As you can see, ML.NET can do a lot. Each one of these tasks has multiple specific model trainers and sets of metrics inside of it designed for specific machine learning scenarios.

For those more interested in AI than ML, ML.NET supports many AI scenarios from probabilistic forecasting with Infer.NET to working with LLMs and other forms of generative AI.

ML.NET also integrates with Open Neural Network Exchange (ONNX) models, so you could train a model using SciKit-Learn, TensorFlow, or other frameworks, export the trained model to ONNX, import the model in ML.NET and use ML.NET just for model inferrencing.

Final thoughts on reasons for using ML.NET

The bottom line is that ML.NET is an incredible workhorse that Microsoft and the community continue to invest in year after year. In fact, ML.NET has major new releases coming alongside new versions of .NET itself with more features coming all the time.

ML.NET is not Python and it will likely never see the same size of community and abundance of resources as Python enjoys for machine learning. Additionally, there are some gap areas - particularly if you wanted to focus more on ML.NET's data analysis capabilities. These are areas I will be advocating for in future pieces - as well as potentially addressing with my own code submissions.
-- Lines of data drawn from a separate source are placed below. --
Lemma cond_prob_two_strata (h : Tx -> R) u :
  measurable_fun setT h -> (forall x, 0 <= h x)%R -> u = u1 \/ u = u2 ->
  (forall x, (0 <= e u1 x)%R -> (0 <= e u2 x)%R ->
     (h x * (e u1 x + e u2 x))%R = e u x) ->
  forall B, measurable B ->
  P (A `&` [set t | U t = u] `&` X @^-1` B)
  = \int[P]_(t in A `&` X @^-1` B) (h (X t))%:E.
Proof.
move=> mh h0 u12u hu B mB.
have dU_ge0 u' := Radon_Nikodym_SigmaFinite.f_ge0 (domU u').
have mdU u' := measurable_int _ (Radon_Nikodym_SigmaFinite.f_integrable (domU u')).
have mdA := measurable_int _ (Radon_Nikodym_SigmaFinite.f_integrable domA).
have AUu : A `&` [set t | U t = u] = Zu u.
  apply/seteqP; split => t /= => [[[Zt _] Ut]|[Zt Ut]]; split => //.
  by split => //; case: u12u => <-; [left|right].
have cfin : P [set t | Z t = z] \is a fin_num := fin_num_measure P _ (mZ z).
rewrite AUu indep_stratum// (Radon_Nikodym_SigmaFinite.f_integral (domU u))//.
rewrite -ge0_integralZl//; last exact: measurable_funTS (mdU u).
transitivity (\int[PX]_(x in B) ((h x)%:E * dA x)).
  apply: ae_eq_integral => //.
  - by apply: emeasurable_funM => //; exact: measurable_funTS (mdU u).
  - apply: emeasurable_funM; last exact: measurable_funTS mdA.
    exact/measurable_EFinP/measurable_funTS.
  near=> x => Bx.
  have := dU_ge0 u1 x; have := dU_ge0 u2 x.
  rewrite (near RN_two_strata_ae)// (near (RN_stratum_ae_score u))//.
  rewrite (near (RN_stratum_ae_score u1))// (near (RN_stratum_ae_score u2))//=.
  rewrite !lee_fin => e2_ge0 e1_ge0.
  by rewrite -(fineK cfin) -EFinD -!EFinM mulrCA hu.
rewrite (Radon_Nikodym_SigmaFinite.change_of_variables domA)//; last first.
  exact/measurable_EFinP/measurable_funTS.
rewrite (ge0_integral_law_on P mX mA) 1?setIC//.
- exact/measurable_EFinP/measurable_funTS.
- by move=> x _; rewrite lee_fin.
Unshelve. all: by end_near.
Qed.

Lemma cond_indep_given_two_strata {w : Tx -> R} {g1 g2 : R -> R} :
  measurable_fun setT w -> measurable_fun setT g1 -> measurable_fun setT g2 ->
  (forall r, 0 <= g1 r <= 1)%R -> (forall r, 0 <= g2 r <= 1)%R ->
  (forall x, (0 <= e u1 x)%R -> (0 <= e u2 x)%R ->
     (g1 (w x) * (e u1 x + e u2 x))%R = e u1 x) ->
  (forall x, (0 <= e u1 x)%R -> (0 <= e u2 x)%R ->
     (g2 (w x) * (e u1 x + e u2 x))%R = e u2 x) ->
  cond_indep_given P A (fun t => w (X t)) X U.
Proof.
move=> mw mg1 mg2 g1_itv g2_itv g1w g2w.
pose g u := if u == u1 then g1 else if u == u2 then g2 else cst 0%R.
apply: (cond_indep_given_of_cond_prob P mA mX mw g).
- by move=> u; rewrite /g; case: ifP => _; [|case: ifP].
- move=> u r; rewrite /g; case: ifP => _; first exact: g1_itv.
  by case: ifP => _; rewrite ?lexx ?ler01.
move=> u B mB; rewrite /g.
have [->|u1u] := eqVneq u u1.
  apply: (cond_prob_two_strata (g1 \o w)) => //; last by left.
  - exact: measurableT_comp.
  - by move=> x; case/andP: (g1_itv (w x)).
have [->|u2u] := eqVneq u u2.
  apply: (cond_prob_two_strata (g2 \o w)) => //; last by right.
  - exact: measurableT_comp.
  - by move=> x; case/andP: (g2_itv (w x)).
rewrite (_ : A `&` _ = set0) ?set0I ?measure0 ?integral0//.
by apply/seteqP; split => // t [[_ [Ut|Ut]] Uu];
  move: u1u u2u; rewrite -Uu Ut eqxx.
Qed.

Lemma cond_indep_given_normalised_score u :
  u = u1 \/ u = u2 -> (forall x, 0 < e u1 x + e u2 x)%R ->
  cond_indep_given P A (fun t => e u (X t) / (e u1 (X t) + e u2 (X t)))%R X U.
Proof.
move=> u12u pos.
have me u' : measurable_fun setT (e u') by case: (score u').
have mw u' : measurable_fun setT (fun x => e u' x / (e u1 x + e u2 x))%R.
  apply: measurable_funM => //.
  by apply: measurableT_comp; [exact: measurable_inv|exact: measurable_funD].
(* The normalised score is in [0, 1] only where the scores are nonnegative,
   so the version of Pr(U = u | A, X) is its clipped image. *)
have mclipC : measurable_fun setT (fun r : R => clip01 (1 - r))%R.
  by apply: measurableT_comp; [exact: measurable_clip01|exact: measurable_funB].
have clipC_itv (r : R) : (0 <= clip01 (1 - r) <= 1)%R by exact: clip01_itv.
case: u12u => ->.
- apply: cond_indep_given_two_strata (mw u1) measurable_clip01 mclipC
    clip01_itv clipC_itv _ _ => x e1_ge0 e2_ge0.
  + by case: (clip01_ratio e1_ge0 e2_ge0 (pos x)).
  + by case: (clip01_ratio e1_ge0 e2_ge0 (pos x)).
- apply: cond_indep_given_two_strata (mw u2) mclipC measurable_clip01
    clipC_itv clip01_itv _ _ => x e1_ge0 e2_ge0.
  + by case: (clip01_co_ratio e1_ge0 e2_ge0 (pos x)).
  + by case: (clip01_co_ratio e1_ge0 e2_ge0 (pos x)).
Qed.

End two_strata.

End strata.

Theorem lemmaA6 (d dx : measure_display) (T : measurableType d)
  (Tx : measurableType dx) (R : realType) (P : probability T R)
  (Z S1 S0 : T -> bool) (X : T -> Tx) (e : bool * bool -> Tx -> R) :
  (forall b, measurable [set t | Z t = b]) ->
  (forall b, measurable [set t | S1 t = b]) ->
  (forall b, measurable [set t | S0 t = b]) ->
  measurable_fun setT X ->
  (* Z independent of {S(1), S(0), X} *)
  (forall (z : bool) (C : set (bool * bool * Tx)), measurable C ->
     P ([set t | Z t = z] `&` ((fun t => (S1 t, S0 t, X t)) @^-1` C))
     = (P [set t | Z t = z] * P ((fun t => (S1 t, S0 t, X t)) @^-1` C))%E) ->
  (* Monotonicity: S(1) >= S(0) almost surely *)
  {ae P, forall t, S0 t ==> S1 t} ->
  (* principal scores *)
  (forall u, cond_prob_version P X [set t | (S1 t, S0 t) = u] (e u)) ->
  (* conditioning events and denominators positive *)
  (0 < P [set t | Z t = true /\ (if Z t then S1 t else S0 t) = true])%E ->
  (0 < P [set t | Z t = false /\ (if Z t then S1 t else S0 t) = false])%E ->
  (forall x, 0 < e (true, false) x + e (true, true) x) ->
  (forall x, 0 < e (true, false) x + e (false, false) x) ->
  let U := fun t => (S1 t, S0 t) in
  let S := fun t => if Z t then S1 t else S0 t in
  let A1 := [set t | Z t = true /\ S t = true] in
  let A0 := [set t | Z t = false /\ S t = false] in
  let e1 u x := e u x / (e (true, false) x + e (true, true) x) in
  let e0 u x := e u x / (e (true, false) x + e (false, false) x) in
  [/\ cond_indep_given P A1 (fun t => e1 (true, false) (X t)) X U,
      cond_indep_given P A1 (fun t => e1 (true, true) (X t)) X U,
      cond_indep_given P A0 (fun t => e0 (true, false) (X t)) X U &
      cond_indep_given P A0 (fun t => e0 (false, false) (X t)) X U].
Proof.
move=> mZ mS1 mS0 mX indep _ score _ _ pos1 pos0 U S A1 A0 e1 e0.
have -> : A1 =
    [set t | Z t = true /\ (U t = (true, false) \/ U t = (true, true))].
  apply/seteqP; split => t; rewrite /A1 /S /U /= => -[->].
  - by move=> ->; split => //; case: (S0 t); [right|left].
  - by case=> -[-> _].
have -> : A0 =
    [set t | Z t = false /\ (U t = (true, false) \/ U t = (false, false))].
  apply/seteqP; split => t; rewrite /A0 /S /U /= => -[->].
  - by move=> ->; split => //; case: (S1 t); [left|right].
  - by case=> -[_ ->].
have indep_given :=
  cond_indep_given_normalised_score P mZ mS1 mS0 mX indep score.
split.
- exact: (indep_given true (true, false) (true, true) isT _
    (or_introl erefl) pos1).
- exact: (indep_given true (true, false) (true, true) isT _
    (or_intror erefl) pos1).
- exact: (indep_given false (true, false) (false, false) isT _
    (or_introl erefl) pos0).
- exact: (indep_given false (true, false) (false, false) isT _
    (or_intror erefl) pos0).
Qed.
I expect ML.NET to continue to grow in maturity, effectiveness, and relevance and it will continue to be my default recommendation for most .NET development teams looking to add serious machine learning capabilities to their applications.

In fact, this post is my very first in a new series of content I'm starting on MattOnML.NET exploring the ins-and-outs of ML.NET, walking through a number of ML.NET projects, and generally showing you why this framework is particularly awesome to work with for fun as well as in your production applications. If you have a specific machine learning project you'd love to see me explore, please let me know!

For now, I hope I've given you some reasons to use ML.NET and see how deep and powerful this framework is.